=== Begin Enclosure ===

(* Let $\mathbf{E}\in\mathbb{K}^{m\times\sigma}$, $\mathbf{J}\in\mathbb{K}^{\sigma\times\sigma}$, $\mathbf{s}\in\mathbb{Z}^m$, and let $\boldsymbol{\delta}=(\delta_1,\dots,\delta_m)$ be the $\mathbf{s}$-minimal degree of $(\mathbf{E},\mathbf{J})$. Let $\delta=\lceil\sigma/m\rceil\ge1$; for $1\le i\le m$ write $\delta_i=(\alpha_i-1)\delta+\beta_i$ with $\alpha_i\ge1$ and $0\le\beta_i<\delta$, and let $\bar m=\alpha_1+\cdots+\alpha_m$. Define $\bar{\boldsymbol{\delta}}=(\underbrace{\delta,\dots,\delta,\beta_1}_{\alpha_1},\dots,\underbrace{\delta,\dots,\delta,\beta_m}_{\alpha_m})\in\mathbb{N}^{\bar m}$ and the block-diagonal matrix $\mathcal{E}\in\mathbb{K}[X]^{\bar m\times m}$ whose $i$-th diagonal block is the column $[1,X^{\delta},X^{2\delta},\dots,X^{(\alpha_i-1)\delta}]^{\mathsf T}$. Let $\mathbf{d}=-\bar{\boldsymbol{\delta}}\in\mathbb{Z}^{\bar m}$ and let $\mathbf{R}\in\mathbb{K}[X]^{\bar m\times\bar m}$ be a $\mathbf{d}$-minimal interpolation basis for $(\mathcal{E}\cdot\mathbf{E},\mathbf{J})$. Then the $\mathbf{s}$-Popov interpolation basis for $(\mathbf{E},\mathbf{J})$ is the submatrix of $\mathrm{lm}_{\mathbf{d}}(\mathbf{R})^{-1}\mathbf{R}\,\mathcal{E}$ formed by its rows at indices $\alpha_1+\cdots+\alpha_i$ for $1\le i\le m$.
   Context: For $p\in\mathbb{K}[X]$ and $\mathbf{e}\in\mathbb{K}^{1\times\sigma}$, $p\cdot\mathbf{e}=\mathbf{e}\,p(\mathbf{J})$; for a matrix $\mathbf{A}=[a_{ij}]\in\mathbb{K}[X]^{k\times m}$, $\mathbf{A}\cdot\mathbf{E}\in\mathbb{K}^{k\times\sigma}$ has $i$-th row $\sum_j a_{ij}\cdot\mathbf{e}_j$, $\mathbf{e}_j$ the rows of $\mathbf{E}$. An interpolant for $(\mathbf{E},\mathbf{J})$ is a row $\mathbf{p}$ with $\mathbf{p}\cdot\mathbf{E}=0$; an interpolation basis is a square matrix whose rows form a basis of the free module of interpolants. For a shift $\mathbf{s}$ (integer entries, possibly negative), the $\mathbf{s}$-degree of a nonzero row $[p_j]$ is $\max_j(\deg p_j+s_j)$; the $\mathbf{s}$-leading matrix $\mathrm{lm}_{\mathbf{s}}(\mathbf{P})$ of a full-rank $\mathbf{P}$ with row $\mathbf{s}$-degrees $d_i$ has $(i,j)$ entry the coefficient of degree $d_i-s_j$ of $p_{ij}$; $\mathbf{P}$ is $\mathbf{s}$-reduced if $\mathrm{lm}_{\mathbf{s}}(\mathbf{P})$ has full row rank; an $\mathbf{s}$-minimal interpolation basis is an $\mathbf{s}$-reduced interpolation basis. The $\mathbf{s}$-pivot index of a row is the largest $j$ attaining its $\mathbf{s}$-degree, $p_j$ its pivot entry. A nonsingular matrix is in $\mathbf{s}$-Popov form if its $\mathbf{s}$-pivot entries are monic and on the diagonal and in each column the nonpivot entries have degree less than the pivot entry. The $\mathbf{s}$-Popov interpolation basis is the unique interpolation basis in $\mathbf{s}$-Popov form; the $\mathbf{s}$-minimal degree is the tuple of degrees of its diagonal entries. *)

From HB Require Import structures.
From mathcomp Require Import all_boot all_order all_algebra.
Set Implicit Arguments. Unset Strict Implicit. Unset Printing Implicit Defensive.
Import Order.TTheory GRing.Theory Num.Theory.
Local Open Scope ring_scope.

Section Interp.
Variable K : fieldType.

Definition peval (sigma : nat) (p : {poly K}) (J : 'M[K]_sigma) : 'M[K]_sigma :=
  \sum_(l < size p) p`_l *: J ^+ l.

(* A . E : the i-th row is sum_j a_ij . e_j, where p . e = e p(J) *)
Definition pact (k m sigma : nat) (A : 'M[{poly K}]_(k, m)) (E : 'M[K]_(m, sigma))
    (J : 'M[K]_sigma) : 'M[K]_(k, sigma) :=
  \matrix_(i, c) (\sum_(j < m) (row j E *m peval (A i j) J)) 0 c.

Definition interpolant (m sigma : nat) (E : 'M[K]_(m, sigma)) (J : 'M[K]_sigma)
    (p : 'rV[{poly K}]_m) : Prop := pact p E J = 0.

Definition is_interp_basis (m sigma : nat) (E : 'M[K]_(m, sigma)) (J : 'M[K]_sigma)
    (P : 'M[{poly K}]_m) : Prop :=
  [/\ forall i, interpolant E J (row i P),
      forall p, interpolant E J p -> exists u : 'rV[{poly K}]_m, p = u *m P
    & forall u : 'rV[{poly K}]_m, u *m P = 0 -> u = 0].
(* Let $\Gamma=(N,A,u)$ be a finite game with a unique correlated equilibrium $q^*$. Then $\mathcal{I}=\mathcal{I}_{q^*}=\{\mu\in\Delta A:\mathrm{supp}(\mu)\subseteq\mathrm{supp}(q^* ),\ \mathbb{E}_\mu[\log q^*]=\mathbb{E}_{q^*}[\log q^*]\}$; equivalently (given that $\mathcal{I}$ is the set of directly implementable outcomes), $\mu$ is directly implementable if and only if $\mathrm{supp}(\mu)\subseteq\mathrm{supp}(q^* )$ and $\mathbb{E}_\mu[\log q^*]=\mathbb{E}_{q^*}[\log q^*]$.
   Context: A finite game has finite player set $N$, finite action sets $A_i$, $A=\times_iA_i$, utilities $u_i:A\to\mathbb{R}$. $\mathrm{CE}(\Gamma)$ is the set of correlated equilibria: $p\in\Delta A$ such that for all $i$, all $a_i$ with $\sum_{a_{-i}}p_{a_i,a_{-i}}>0$, all $b\in A_i$, $\sum_{a_{-i}}p_{a_i,a_{-i}}[u_i(a_i,a_{-i})-u_i(b,a_{-i})]\ge0$. For $q\in\Delta A$, $\mathcal{I}_q=\{\mu\in\Delta A:\mathrm{supp}(\mu)\subseteq\mathrm{supp}(q),\ \mathbb{E}_\mu[\log q]=\mathbb{E}_q[\log q]\}$ and $\mathcal{I}=\bigcup_{q\in\mathrm{CE}(\Gamma)}\mathcal{I}_q$ (convention $0\log 0=0$). Direct implementability: with a partially specified data-generating process $(M,\eta,\mathcal{F})$, $M=A$, $\eta\in\Delta A$, $\mathcal{F}\subseteq\{f:A\to\mathbb{R}\}$, the belief $q$ is the unique maximizer of $-\sum_aq_a\log q_a$ over $\{q\in\Delta A:\sum_aq_af(a)=\sum_a\eta_af(a)\ \forall f\in\mathcal{F}\}$; $\mu$ is directly implementable if for some such process with $\eta=\mu$ the obedience conditions $\sum_{a_{-i}}q_{a_i,a_{-i}}[u_i(a_i,a_{-i})-u_i(b,a_{-i})]\ge0$ hold for all $i$, all $a_i$ with positive $q$-marginal, all $b\in A_i$. *)

From HB Require Import structures.
From mathcomp Require Import all_boot all_order all_algebra.
From mathcomp Require Import all_classical all_reals exp.
Set Implicit Arguments. Unset Strict Implicit. Unset Printing Implicit Defensive.
Import Order.TTheory GRing.Theory Num.Theory.
Local Open Scope ring_scope.

Section Game.
Variables (R : realType) (N : finType) (Act : N -> finType).

Definition profile := {dffun forall i : N, Act i}.

Definition dev (a : profile) (i : N) (b : Act i) : profile :=
  [ffun j => @dfwith N (fun k => Act k) (fun k => a k) i b j].
Lemma spins_nonpos_succ wl wr (k : nat) :
  spins wl wr (- k.+1%:Z + 1) = spin_of (nth false wl k).
Proof. by rewrite -(spins_nonpos wl wr); congr (spins _ _ _); lia. Qed.

Fixpoint trim_false (w : seq bool) : seq bool :=
  if w is b :: w' then
    if b || (trim_false w' != [::]) then b :: trim_false w' else [::]
  else [::].

Lemma nth_trim_false w k : nth false (trim_false w) k = nth false w k.
Proof.
elim: w k => [|b w IH] k //=.
case: ifP => [_|/norP [/negbTE -> /negPn /eqP trim_nil]]; first by case: k.
by case: k => //= k; rewrite -IH trim_nil nth_nil.
Qed.

Lemma last_trim_false w : last true (trim_false w).
Proof.
elim: w => [|b w IH] //=.
by case: ifP => // /orP [->|]; case: (trim_false w) IH.
Qed.

Lemma eq_from_nth_last_true u v : last true u -> last true v ->
  (forall k, nth false u k = nth false v k) -> u = v.
Proof.
have size_le u' v' : last true v' -> (forall k, nth false u' k = nth false v' k) ->
    (size v' <= size u')%N.
  move=> last_v' nth_uv; rewrite leqNgt; apply/negP => lt_uv.
  case: v' last_v' nth_uv lt_uv => // b v' last_v' nth_uv lt_uv.
  move: last_v'; rewrite [last _ _]/= -[last b v']/(last false (b :: v')).
  by rewrite -nth_last -nth_uv nth_default.
move=> last_u last_v nth_uv; apply: (@eq_from_nth _ false) => [|k _]; last exact: nth_uv.
by apply/eqP; rewrite eqn_leq !size_le.
Qed.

=== End Enclosure ===

Above are the entries. Copy exactly the part that opens with the line containing "if w is b :: w' then" and closes with the line containing "case: ifP => [_|/norP", and no more.

  if w is b :: w' then
    if b || (trim_false w' != [::]) then b :: trim_false w' else [::]
  else [::].

Lemma nth_trim_false w k : nth false (trim_false w) k = nth false w k.
Proof.
elim: w k => [|b w IH] k //=.
case: ifP => [_|/norP [/negbTE -> /negPn /eqP trim_nil]]; first by case: k.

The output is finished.